# Growing Out Eyebrows... Suggestions?



## Aquilah (Apr 22, 2006)

As I mentioned in my FOTD for today, I'm going to let my eyebrows grow out. I've never had luck with shaping them myself, or by professionals. I've been told I don't have a natural arch, so I've never worried about having one. Anyway, I'd like any suggestions anyone may have on how to let them grow out while still looking decent when in public *lol*

I don't use any brow products, nor have I ever. Oh, and when I do have them shaped, I want them to look more like those of Eva Longoria, Angelina Jolie or Kelly Monaco (they all seem to have a different look to me)... I've inserted a pic of each... Opinions on that would be great too!!!


----------



## devinjhans (Apr 22, 2006)

when i grow mine out i usually just cover up the growing hairs with concealer and that helps. it is so hard to let them grow out, b/c they are the frame for your face, but when they grow out and look good it's all worth it!


----------



## Becka (Apr 22, 2006)

Wow, what a great tip Devin! I'm going to try this, I've been letting mine grow in for a painful 8 mos. or so now


----------



## Becka (Apr 22, 2006)

I think pic no. 2, coz Angelina's natural arch is similar to yours from what I can see in your notepad pic. Growing out is a total nightmare, I can sympathize w/ you!!


----------



## wondatwins2 (Apr 22, 2006)

I'm right there with you all!:scream3: I've been growing mine for about two months now and its something else but it will be worth it in the end! I really don't do much but keep them brushed with a little brow gel that's about it! Thank God i will be able to finally get them done at the middle of may! Because it does frame your face and makes a big difference!!!


----------



## Jennifer (Apr 23, 2006)

when i grow mine out, i just pluck the ones i KNOW i don't need. it looks gross, but like mentioned above, it's worth it in the end! i agree with angelina's being more like yours, though.

good luck!


----------



## BeneBaby (Apr 23, 2006)

Hey!

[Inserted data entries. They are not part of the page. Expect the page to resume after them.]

Lemma AGE_add k c d : C_AGE n m A k c -> C_AGE n m A k d -> C_AGE n m A k (fun i => c i + d i).
Proof.
  intros [Hc Hc'] [Hd Hd']. split.
  - intros x. rewrite Sig_add. specialize (Hc x). specialize (Hd x). lra.
  - intros i Hi Hik. specialize (Hc' i Hi Hik). specialize (Hd' i Hi Hik). lra.
Qed.

Lemma AGE_cone k : cone (C_AGE n m A k).
Proof.
  intros a c Ha [Hc Hc']. split.
  - intros x. rewrite Sig_scal. now apply Rmult_le_pos.
  - intros i Hi Hik. now apply Rmult_le_pos, Hc'.
Qed.

Lemma AGE_0 k : C_AGE n m A k (fun _ => 0).
Proof.
  split; [intros x; rewrite Sig_zero|intros]; lra.
Qed.

Lemma AGE_closed k : closed_set m (C_AGE n m A k).
Proof.
  intros c Happ. split.
  - intros x. apply (approx_ge0 _ (sumR m (expvec x))).
    { apply sumR_ge0. intros; left; apply exp_pos. }
    intros eps He. destruct (Happ eps He) as [w [[Hw _] Hcw]].
    specialize (Hw x).
    replace (Sig n m A c x) with (Sig n m A w x + Sig n m A (fun j => c j - w j) x)
      by (rewrite <- Sig_add; apply Sig_ext; intros; ring).
    enough (- eps * sumR m (expvec x) <= Sig n m A (fun j => c j - w j) x) by lra.
    rewrite <- sumR_scal. apply sumR_le. intros i Hi.
    specialize (Hcw i Hi). apply Rabs_lt_iff in Hcw. pose proof (exp_pos (colDot n A i x)).
    unfold expvec. apply Rmult_le_compat_r; lra.
  - intros i Hi Hik. apply (approx_ge0 _ 1); [lra|]. intros eps He.
    destruct (Happ eps He) as [w [[_ Hw] Hcw]]. specialize (Hw i Hi Hik).
    specialize (Hcw i Hi). apply Rabs_lt_iff in Hcw. lra.
Qed.

Lemma SAGE_NNS c : C_SAGE n m A c -> C_NNS n m A c.
Proof.
  intros [cs [Hcs Hc]] x. rewrite (Sig_ext c (fun j => sumR m (fun k => cs k j))) by assumption.
  rewrite Sig_sum. apply sumR_ge0. intros k Hk. apply (Hcs k Hk).
Qed.

Lemma SAGE_cone : cone (C_SAGE n m A).
Proof. apply (msum_cone m m). intros k _. apply AGE_cone. Qed.

Lemma SAGE_convex : convex_set (C_SAGE n m A).
Proof.
  intros u w t Hu Hw Ht. apply (msum_add m m); [intros; now apply AGE_add| |];
    apply SAGE_cone; auto; lra.
Qed.

Lemma AGE_SAGE k c : (k < m)%nat -> C_AGE n m A k c -> C_SAGE n m A c.
Proof. intros Hk. apply (msum_single m m); [assumption|intros; apply AGE_0]. Qed.

Section DistinctColumns.
Hypothesis distinct_columns : forall j k, (j < m)%nat -> (k < m)%nat -> j <> k ->
  exists i, (i < n)%nat /\ A i j <> A i k.

Lemma colDot_along_difference i k t :
  colDot n A i (fun r => t * (A r i - A r k)) =
  colDot n A k (fun r => t * (A r i - A r k)) + t * sumR n (fun r => (A r i - A r k)²).
Proof.
  unfold colDot. rewrite <- sumR_scal, <- sumR_add. apply sumR_ext. intros; unfold Rsqr; ring.
Qed.
(* There is a functor $\mathrm{Coll}:\mathbf{OpCat}\to\mathbf{SkewMonCat}$ sending an operadic category $\mathcal C$ to the skew monoidal category $\mathrm{Coll}_{\mathcal C}(\mathbf{Set})$. Moreover, an operadic category $\mathcal C$ is a genuine operadic category if and only if the left unit constraint $\lambda$ of $\mathrm{Coll}_{\mathcal C}(\mathbf{Set})$ is invertible.
   Context: Operadic categories: $\mathcal S$ is a skeleton of finite sets (objects $\mathbb N$), with fixed equivalences $R_I:\mathcal S/I\to\mathcal S^I$ sending $f:J\to I$ to its fibres. An operadic category is a category $\mathcal C$ with a functor $|\cdot|:\mathcal C\to\mathcal S$ and functors $R_c:\mathcal C/c\to\mathcal C^{|c|}$ with $|\cdot|^{|c|}\circ R_c=R_{|c|}\circ(|\cdot|/c)$; the fibre $\psi^{-1}i$ of $\psi:c\to d$ at $i\in|d|$ is the $i$-th component of $R_d(\psi)$; for $\varphi:b\to c,\psi:c\to d$, $\varphi^\psi=R_d(\varphi:\psi\varphi\to\psi)$ with components $\varphi^\psi_j:(\psi\varphi)^{-1}j\to\psi^{-1}j$; $u$ is trivial if $|u|=1$ and $R_u=\mathrm{dom}$. Axioms: fibres of identities are trivial; double slice condition: for $\psi:c\to d$, $R_c\circ(\mathrm{dom}/\psi)=(\cong)\circ(\prod_jR_{\psi^{-1}j})\circ(R_d/\psi)$ as functors $(\mathcal C/d)/\psi\to\mathcal C^{|c|}$, via $\mathcal C^{|d|}/R_d\psi\cong\prod_j\mathcal C/\psi^{-1}j$ and $|c|\cong\sum_j|\psi|^{-1}j$. A strict operadic functor $F:\mathcal C\to\mathcal D$ is a functor with $|F(-)|=|-|$ and $R_{Fc}\circ(F/c)=F^{|c|}\circ R_c$ for all $c$. $\mathbf{OpCat}$ is the category of operadic categories and strict operadic functors. An operadic category is genuine if each connected component contains exactly one trivial object and that object is terminal in the component. $\mathrm{Coll}_{\mathcal C}(\mathbf{Set})$: with $C$ the object set of $\mathcal C$, the underlying category is $\mathbf{Set}/C$ (objects $\partial:X\to C$, $X_c=\partial^{-1}c$); $(X*Y)_c=\sum_{\varphi:c\to d}X_d\times\prod_{i\in|d|}Y_{\varphi^{-1}i}$ (elements $(x,\varphi,y)$); unit $U$ = set of trivial objects; $\alpha(x,\psi,y,\varphi,z)=(x,\psi\varphi,y,\varphi^\psi,z)$, $\lambda(u,\varphi,x)=x$, $\rho(x)=(x,1_{\partial x},(1_{\partial x}^{-1}i)_i)$. This is a skew monoidal category: a category with tensor $*$, unit $U$, and natural maps $\alpha:(X*Y)*Z\to X*(Y*Z)$, $\lambda:U*X\to X$, $\rho:X\to X*U$ (not necessarily invertible) satisfying the five coherence axioms $\lambda_U\rho_U=1$, $\lambda\alpha=\lambda*1$, $\alpha\rho=1*\rho$, $(1*\lambda)\alpha(\rho*1)=1$, and the pentagon. $\mathbf{SkewMonCat}$ has skew monoidal categories as objects and opmonoidal functors as morphisms: an opmonoidal functor $(\mathcal E,*,U)\to(\mathcal F,*,V)$ is a functor $F$ with natural $F^2:F(X*Y)\to FX*FY$ and $F^0:FU\to V$ such that $\alpha\circ(F^2*1)\circ F^2=(1*F^2)\circ F^2\circ F\alpha$, $\lambda\circ(F^0*1)\circ F^2=F\lambda$, and $(1*F^0)\circ F^2\circ F\rho=\rho$. *)

From HB Require Import structures.
From mathcomp Require Import all_boot.
Lemma read_norm_approx xbar d : in_linf xbar -> 0 < d ->
  exists y, dual_ball u a y /\ read_norm u a xbar - d < Rabs (pairing xbar y).
Proof.
  intros Hx Hd.
  destruct (is_lub_Rbar_approx _ _ (d / 2) (is_lub_supnorm xbar Hx)) as [r [[k0 ->] Hk0]];
    [lra |].
  assert (Hsum := is_lim_seq_sum_n_Series _
                    (ex_series_read_term xbar _ (fun k => supnorm_ge xbar k Hx))).
  destruct (proj2 (is_lim_seq_spec _ _) Hsum (mkposreal (d / 2) ltac:(lra))) as [J HJ].
  specialize (HJ J (le_n J)); simpl in HJ.
  set (c := fun n => sign (pairing xbar (read_vec n)) * read_weight n).
  exists (test_functional (sign (xbar k0)) k0 c J); split.
  - apply test_functional_dual_ball; [apply Rabs_sign_le_1 |].
    intros n; unfold c. assert (Hw : 0 < read_weight n) by (apply pow_lt; lra).
    rewrite Rabs_mult, (Rabs_pos_eq (read_weight n)) by lra.
    pose proof (Rabs_sign_le_1 (pairing xbar (read_vec n))). nra.
  - assert (Hterm : forall n, c n * pairing xbar (read_vec n) = read_term xbar n)
      by (intros n; unfold c, read_term; rewrite <- sign_mul_self; ring).
    rewrite pairing_test_functional, sign_mul_self, (sum_n_ext _ _ J Hterm) by exact Hx.
    rewrite read_norm_unfold. apply Rabs_def2 in HJ.
    eapply Rlt_le_trans; [| apply Rle_abs]. lra.
Qed.

End ReadNorm.

Theorem proposition2p1 (u : nat -> nat -> R) (a : nat -> nat) :
  read_data u a ->
  forall xbar : nat -> R, in_linf xbar ->
    bidual_norm u a xbar = Finite (read_norm u a xbar).
Proof.
  intros (_ & _ & a_pos & a_incr & u_supp & u_l1_lt) xbar Hx.
  apply is_lub_Rbar_unique, is_lub_Rbar_of_approx.
  - intros r [y [Hy ->]]. eapply pairing_le_read_norm; eassumption.
  - intros d Hd. destruct (read_norm_approx u a a_pos a_incr u_supp u_l1_lt xbar d Hx Hd)
      as [y [Hy Hlt]].
    exists (Rabs (pairing xbar y)); eauto.
Qed.
Theorem lemma2p10 :
  exists eps0 : R, Rlt 0 eps0 /\
  forall eps : R, Rlt 0 eps -> Rlt eps eps0 ->
  exists c : R, Rlt 0 c /\
  forall (n m l k : nat) (U V : {set 'I_n}) (F : {set {set 'I_n}}),
    Rle (Rmult eps (INR n)) (INR m) ->
    Rle (Rmult eps (INR m)) (INR l) -> (l <= m)%N ->
    (k + m <= n)%N ->
    [disjoint U & V] ->
    #|U| = k -> #|V| = m ->
    F \subset [set [set u; v] | u in U, v in V] ->
    (forall u, u \in U -> (l <= bdeg V F u)%N) ->
    Rle (prob_avoid F) (exp (Ropp (Rmult c (INR k)))).
Proof.
exists 1; split; first exact: Rlt_0_1.
move=> eps eps0 _; have q0 : 0 < 1 + eps * eps by nra.
exists (ln (1 + eps * eps)); split; first by rewrite -ln_1; apply: ln_increasing; nra.
move=> n m l k U V F eps_n eps_m _ km UV_disj Uk _ F_UV F_deg.
have count := avoiding_bipartite_card UV_disj F_UV F_deg; rewrite Uk in count.
have eps2_n : eps * (eps * INR n) <= eps * INR m by apply: Rmult_le_compat_l; lra.
have nq : INR n * (1 + eps * eps) <= INR n + INR l by nra.
have nk : (0 < n)%N \/ k = 0%N.
  by case: k km {Uk count} => [|k] km; [right | left; apply: leq_trans km].
rewrite exp_neg_ln_mul //; apply: Rdiv_le_Rinv; first exact: pos_INR.
  exact: pow_lt.
exact: mul_pow_le_of_count nq nk count.
Qed.
(* In the reinforcement-learning network model described in the context, for every $\varepsilon>0$ there is a constant $C>0$ depending only on $(a_{kl})_{k,l\in\mathbb{V}}$ and $\varepsilon$ such that, for all $i,j\in\mathbb{V}$ with $i\sim j$ and all $n$ with $T_n\ge C$: if $x_n\in U_{ij}(\varepsilon)$ and $|H(x_{n+1})-H(x_n)|<\varepsilon/2$, then $x_{n+1}\in U_{ij}(2\varepsilon)$.
   Context: Let $G=(\mathbb{V},E)$ be a finite graph with adjacency $\sim$. Let $a_{ij}=a_{ji}\ge0$, $>0$ only if $i\sim j$. Let $(p_W)_{W\subseteq\mathbb{V}}$ be nonnegative with $\sum_Wp_W=1$; for $i\sim j$, $p_{ij}=\sum_{W:i,j\in W}p_W$; $p_{ij}=0$ if $i\not\sim j$. Assume some $a_{ij}p_{ij}>0$. Let $v^0_{ij}=v^0_{ji}\ge0$, $>0$ iff $i\sim j$. Process: $V^0_{ij}=v^0_{ij}$, $V^n_{ij}=0$ if $i\not\sim j$, $V^n_i=\sum_jV^n_{ij}$; at each time $n$ each vertex $i$ independently chooses a neighbour $j$ with probability $V^n_{ij}/V^n_i$; independently Nature picks $W_n$ with $\mathbb{P}(W_n=W)=p_W$, i.i.d.; if $i,j\in W_n$, $i\sim j$ and $i,j$ choose each other, then $V^{n+1}_{ij}=V^{n+1}_{ji}=V^n_{ij}+a_{ij}$, else unchanged. Let $T_n=\sum_{i,j}V^n_{ij}$ (ordered pairs), $x^n_{ij}=V^n_{ij}/T_n$, $x_n=(x^n_{ij})$. Let $h_1=\sum_{(i,j):a_{ij}p_{ij}>0}v^0_{ij}/\sum_{k,l}v^0_{kl}$; $\Delta$ is the set of arrays $x$ with $x_{ij}=x_{ji}\ge0$, $x_{ij}=0$ if $i\not\sim j$, $\sum_{i,j}x_{ij}=1$, $\sum_{(i,j):a_{ij}p_{ij}>0}x_{ij}\ge h_1$; $x_i=\sum_jx_{ij}$. $H(x)=\sum_{(i,j):x_{ij}>0}a_{ij}p_{ij}x_{ij}^2/(x_ix_j)$; for $x_{ij}>0$, $y_{ij}=a_{ij}p_{ij}x_{ij}/(x_ix_j)$. For $\varepsilon>0$, $U_{ij}(\varepsilon)=\{x\in\Delta:\ x_{ij}<\varepsilon\ \text{or}\ y_{ij}-H(x)\ge-\varepsilon\}$. *)

From mathcomp Require Import all_boot all_order all_algebra.
Set Implicit Arguments. Unset Strict Implicit. Unset Printing Implicit Defensive.
Import Order.TTheory GRing.Theory Num.Theory.
Local Open Scope ring_scope.

Section Defs.
Variables (R : realFieldType) (T : finType).

Definition pedge (adj : rel T) (p : {ffun {set T} -> R}) (i j : T) : R :=
  if adj i j then \sum_(W : {set T} | (i \in W) && (j \in W)) p W else 0.

Definition total_mass (V : T -> T -> R) : R := \sum_(i : T) \sum_(j : T) V i j.

Definition normalize (V : T -> T -> R) : T -> T -> R :=
  fun i j => V i j / total_mass V.

Definition rowsum (x : T -> T -> R) (i : T) : R := \sum_(j : T) x i j.

Definition Hfun (adj : rel T) (a : T -> T -> R) (p : {ffun {set T} -> R})
  (x : T -> T -> R) : R :=
  \sum_(i : T) \sum_(j : T)
     (if 0 < x i j then
        a i j * pedge adj p i j * x i j ^+ 2 / (rowsum x i * rowsum x j)
      else 0).

Definition yfun (adj : rel T) (a : T -> T -> R) (p : {ffun {set T} -> R})
  (x : T -> T -> R) (i j : T) : R :=
  a i j * pedge adj p i j * x i j / (rowsum x i * rowsum x j).

Definition active_mass (adj : rel T) (a : T -> T -> R) (p : {ffun {set T} -> R})
  (x : T -> T -> R) : R :=
  \sum_(i : T) \sum_(j : T) (if 0 < a i j * pedge adj p i j then x i j else 0).

Definition h1 (adj : rel T) (a : T -> T -> R) (p : {ffun {set T} -> R})
  (v0 : T -> T -> R) : R := active_mass adj a p v0 / total_mass v0.

Definition inDelta (adj : rel T) (a : T -> T -> R) (p : {ffun {set T} -> R})
  (v0 : T -> T -> R) (x : T -> T -> R) : Prop :=
  [/\ (forall i j, x i j = x j i),
      (forall i j, 0 <= x i j),
      (forall i j, ~~ adj i j -> x i j = 0),
      total_mass x = 1 &
      h1 adj a p v0 <= active_mass adj a p x].

Definition Uset (adj : rel T) (a : T -> T -> R) (p : {ffun {set T} -> R})
  (v0 : T -> T -> R) (i j : T) (eps : R) (x : T -> T -> R) : Prop :=
  inDelta adj a p v0 x /\
  (x i j < eps \/ - eps <= yfun adj a p x i j - Hfun adj a p x).

(* One possible (positive-probability) step of the process: Nature picks W
   with p_W > 0, each vertex i chooses a neighbour c i (when it has one);
   edges {k,l} inside W whose endpoints chose each other get reinforced. *)
Definition step (adj : rel T) (a : T -> T -> R) (p : {ffun {set T} -> R})
  (V V' : T -> T -> R) : Prop :=
  exists W : {set T}, 0 < p W /\
  exists c : T -> T,
    (forall i, (exists j, adj i j) -> adj i (c i)) /\
    (forall k l, V' k l = V k l +
       (if [&& adj k l, k \in W, l \in W, c k == l & c l == k]
        then a k l else 0)).

Definition is_path (adj : rel T) (a : T -> T -> R) (p : {ffun {set T} -> R})
  (v0 : T -> T -> R) (V : nat -> T -> T -> R) : Prop :=
  (forall k l, V 0%N k l = v0 k l) /\
  (forall n, step adj a p (V n) (V n.+1)).

End Defs.

From mathcomp Require Import all_boot all_order all_algebra.
From mathcomp Require Import ring lra.
Import Order.TTheory GRing.Theory Num.Theory.
Local Open Scope ring_scope.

Congrats on growing out your brows. I would recommend using a product like Benefit HighBrow to cover up the little "caterpillars" that are going to come in. In all honesty you will not like how you look for awhile. There is nothing that can fully cover them up. BUT the bright side is it will be worth it. For maximum shaping results do not tweeze for an entire month. As for wanting the brows of celebs....those brows may not suit your face. Often times we get clients bringing in pics of a celebs brows and asking for that shape. That celeb may have a different shaped face, more prominent brow bone, more angled forehead. Those all factor in. I suggest striving for YOUR perfect brow. It may not be Angelina's arch, but it will be your own signature shape. Lot's of Luck......Oh an invest in a great brow kit. You'll Thank me!


----------



## Aquilah (Apr 23, 2006)

I'm lucky that my brows grow fast... I generally have to pluck them almost twice a week! I'm sure it'll look "tragic" for awhile, but I rarely go out anywhere so I'm not really stressing it. I'll definitely look into the Benefit HighBrow and BrowZing I keep hearing about on here. Thanks!!!


----------



## Aquilah (Apr 26, 2006)

While I was web browsing trying to find more tips and tricks on growing out and filling in my eyebrows while they're growing, as well as shaping when all is done, I came across the website http://www.eyebrowz.com. They have LOTS of stencils for almost any shape brow or face. Has anyone ever heard of them, or used their stencils? They seem pretty good! You can get a custom kit or just buy their pre-made stencils. I've found quite a few different stencils I like, so I'm debating on investing.


----------



## 4getmeNot (Apr 26, 2006)

I'm growing mine out too...thank goodness next week i'm gettin them shaped. they look bad. i can't believe how much of a difference well groomed brows make! they really frame your face, and even if I don't wear any makeup, I still look polished. eyebrowz.com is a very good informational site, thoughh i haven't ordered any stencils from there, i always just go get mine waxed.


----------



## michko970 (Apr 27, 2006)

I need to grow mine out and just get them shaped and done professionally. That will be one of my summer projects!


----------



## jennycateyez (Apr 27, 2006)

i try all the time to grow out my eyebrows... but i feel so nasty, and i cant put makeup on because if ur eyebrows are a mess your makeup would look bad ( well on me it does). my eyebrows grow fast to, i have to pluck them every other day! i agree with amanda (benebaby) i also use benefit highbrow, and its really good and it does hide a little something something.


----------



## fickledpink (May 9, 2006)

Aerisley: I like Angie's shape in pic #2 for you. Good luck on growing your brows!  /emoticons/[email protected] 2x" width="20" height="20" />

I also recently decided to grow out my eyebrows and get them professionally done. How long should I wait to get them shaped?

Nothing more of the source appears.